Bong Joon-Ho’s masterful crime film Memories of Murder (released sixteen years before Parasite) opens like an episode of Keystone Kops as the bumbling detectives “round up the usual suspects” looking for the lazy way to wrap up their murder investigation.  Then the humor slowly morphs into a dark crime masterpiece that rivals David Fincher’s Zodiac. In a world full of predictable movie formulas, these tonal shifts are a welcome dose of originality.

This South Korean sensibility permeates writer-director Im Sang-soo’s newest film, Heaven: To the Land of Happiness.  Veteran actor Choi Min-sik plays a prison inmate referred to throughout the film as “203”.  He’s on the brink of being released when he learns that his headaches and nosebleeds are the product of a brain tumor, leaving him with about two weeks to live.  He won’t live long enough to enjoy the freedom that is so close at hand.  Park Hae-il plays Nam-sik, an orderly at the prison hospital who is forced to steal the medication he needs to survive because he can’t afford it on his meager pay.

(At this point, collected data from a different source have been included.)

Lemma egamma_half_le p : 0 <= p ->
  (egamma (p + 2^-1) <= (Num.sqrt (p + 1))%:E * egamma p)%E.
Proof.
move=> p0; set s := Num.sqrt (p + 1); have s0 : 0 < s by rewrite sqrtr_gt0 ltr_wpDl.
have c1 : 0 <= 2^-1 * s by rewrite mulr_ge0 ?ltW.
have c2 : 0 <= 2^-1 / s by rewrite mulr_ge0 ?invr_ge0 ?ltW.
have -> : (s%:E * egamma p = \int[mu]_(t in `[0%R, +oo[)
    (2^-1 * s * gamma_integrand p t + 2^-1 / s * gamma_integrand (p + 1) t)%:E)%E.
  have s2 : s ^+ 2 = p + 1 by rewrite sqr_sqrtr ?addr_ge0.
  rewrite integral_gamma_integrand_lincomb // egammaS // muleA -EFinM.
  have c3 : 0 <= 2^-1 / s * (p + 1) by rewrite mulr_ge0 ?addr_ge0.
  rewrite -ge0_muleDl ?lee_fin //.
  rewrite -[X in _ = (X * _)%E]EFinD -s2.
  by congr (_%:E * _)%E; field; rewrite gt_eqF.
rewrite /egamma; apply: ge0_le_integral => //.
- by move=> t _; rewrite lee_fin gamma_integrand_ge0.
- exact: measurable_EFin_setT (measurable_gamma_integrand _).
- apply: measurable_EFin_setT; apply: measurable_funD; apply: measurable_funM => //;
    exact: measurable_gamma_integrand.
- by move=> t; rewrite /= in_itv /= andbT => t0; rewrite lee_fin gamma_integrand_half_le.
Qed.

(* Finiteness comes from the half-step bound at p, positivity from the one at p + 1/2
   combined with the recurrence. *)
Lemma egamma_half_real (p r : R) : 0 <= p -> 0 < r -> egamma p = r%:E ->
  exists2 r', 0 < r' & egamma (p + 2^-1) = r'%:E.
Proof.
move=> p0 r0 er; have p1 : 0 <= p + 2^-1 by rewrite addr_ge0.
have ub := egamma_half_le p0; have lb := egamma_half_le p1.
have half2 : 2^-1 + 2^-1 = 1 :> R by field.
rewrite -addrA half2 egammaS // er in lb.
rewrite er in ub; move: (egamma_ge0 (p + 2^-1)) ub lb.
case: (egamma (p + 2^-1)) => [r'| |] //= _ _; rewrite -!EFinM lee_fin => lb.
exists r' => //; rewrite -(pmulr_rgt0 _ (_ : 0 < Num.sqrt (p + 2^-1 + 1))).
  by apply: lt_le_trans lb; rewrite mulr_gt0 // ltr_wpDl.
by rewrite sqrtr_gt0 ltr_wpDl.
Qed.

Early in the film Nam-sik finds himself transporting 203 through the facility just as hospital officials learn of Nam-sik’s thefts from their pharmacy courtesy of a newly-installed CCTV system.  In short order, the man with two weeks to live is on the lam with a man who can’t afford the medication he needs to stay alive.  The two spend the remainder of the film evading law enforcement so that 203 can fulfill his last wish – reconciling with his daughter whom he hasn’t seen in five years.

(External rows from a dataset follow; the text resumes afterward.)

Lemma rate_decay eps : 0 < eps -> exists N0, forall N, (N0 <= N)%N ->
  5 * 2 ^+ N / (N`!)%:R <= expR ((-1 + eps) * (N%:R * ln N%:R)) :> R.
Proof.
move=> eps_gt0; exists (maxn 6 (Num.truncn (expR (6 / eps))).+1) => N.
rewrite geq_max => /andP[N6 N_large]; set x := N%:R : R.
have x6 : 6 <= x by rewrite /x ler_nat.
have ln_x : 6 <= eps * ln x.
  rewrite -ler_pdivrMl // mulrC -ler_expR lnK ?posrE; last by lra.
  by apply: ltW; apply: lt_le_trans (truncnS_gt _) _; rewrite /x ler_nat.
have fact_gt0 := fact_gt0R N.
have rate_gt0 : 0 < 5 * 2 ^+ N / (N`!)%:R :> R by rewrite divr_gt0 ?mulr_gt0 ?exprn_gt0.
rewrite -(lnK rate_gt0) ler_expR.
rewrite !lnM ?posrE ?mulr_gt0 ?exprn_gt0 ?invr_gt0 // lnV ?posrE // lnXn //.
rewrite -[ln 2 *+ N]mulr_natl -/x.
(* ln 5 + N ln 2 - ln N! <= 5 + 2N + N - N ln N <= (-1 + eps) N ln N *)
have stirling : x * ln x <= x + ln (N`!)%:R.
  rewrite {1}/x mulr_natl -lnXn; last by lra.
  rewrite -[x in x + _]expRK -lnM ?posrE ?expR_gt0 // ler_ln ?posrE ?mulr_gt0 ?expR_gt0 //.
    exact: pow_le_expR_fact.
  by rewrite exprn_gt0 //; lra.
have ln5 : ln 5 < 5 :> R by apply: ln_sublinear.
have ln2 : ln 2 < 2 :> R by apply: ln_sublinear.
have x_gt0 : 0 < x by lra.
have x_eps : 6 * x <= x * (eps * ln x) by rewrite mulrC ler_pM2l.
have -> : (-1 + eps) * (x * ln x) = x * (eps * ln x) - x * ln x by ring.
have : x * ln 2 <= x * 2 by rewrite ler_pM2l // ltW.
lra.
Qed.

End FixedPointLaw.

Theorem mainTheorem12 (R : realType) :
  (exists chat : R, 0 < chat /\
     exists N0 : nat, forall N : nat, (N0 <= N)%N -> forall n : nat,
       tvM (N - 3) (check_pi R N) (zeta R N)
         <= (5 * 2 ^+ N * n%:R) / (N`!)%:R
            + 2 * expR (1 - chat * n%:R / (N%:R ^+ 3))) /\
  (forall eps : R, 0 < eps ->
     exists N0 : nat, forall N : nat, (N0 <= N)%N ->
       tvM (N - 3) (check_pi R N) (zeta R N)
         <= expR ((-1 + eps) * (N%:R * ln (N%:R)))).
Proof.
split.
  (* c = 1 works: for n = 0 use tv <= 1 <= 2e, for n > 0 the first term. *)
  exists 1; split; first exact: ltr01.
  exists 6%N => N N6 n; have tv_le := @tv_check_pi_le_rate R N N6.
  have exp_ge0 := expR_ge0 (1 - 1 * n%:R / N%:R ^+ 3 : R).
  case: n exp_ge0 => [|n] exp_ge0.
    have e_ge1 : 1 <= expR (1 : R) by have := expR_ge1Dx (1 : R); lra.
    by rewrite !mulr0 !mul0r subr0 add0r; have := @rate_le1 R N N6; lra.
  have : 5 * 2 ^+ N / (N`!)%:R <= 5 * 2 ^+ N * n.+1%:R / (N`!)%:R :> R.
    rewrite [X in _ <= X]mulrAC; apply: ler_peMr; last by rewrite ler1n.
    by rewrite divr_ge0 ?mulr_ge0 ?exprn_ge0 ?ltW ?fact_gt0R.
  lra.
move=> eps eps_gt0; have [N1 decay] := @rate_decay R eps eps_gt0.
exists (maxn 6 N1) => N; rewrite geq_max => /andP[N6 N1N].
exact: le_trans (@tv_check_pi_le_rate R N N6) (decay N N1N).
Qed.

Choi Min-sik (Oldboy, Lady Vengeance, I Saw the Devil) is the not-so-secret weapon that successfully grounds the film. Whether he’s comically careening down the streets on a runaway moped or contemplating the few days he has left on Earth, his gravitas sells every moment he’s on camera.  Much like Al Pacino in the early years of his career, Min-sik provides so much information and emotional depth through his eyes. His smiles and laughter never quite reach his haunted gaze as he reflects on the bad choices he’s made and the time he’s wasted.  Heaven: To the Land of Happiness is worth watching for his performance alone. 

The joy of Heaven: To the Land of Happiness flows from the originality of the narrative.  Some of the plot beats you expect are present and accounted for, but the story unfolds in ways you’re not expecting.  I can just see an American remake where 203 learns that he was misdiagnosed and lives happily ever after with his daughter.  This is not that film.  And you’ll be grateful that it’s not.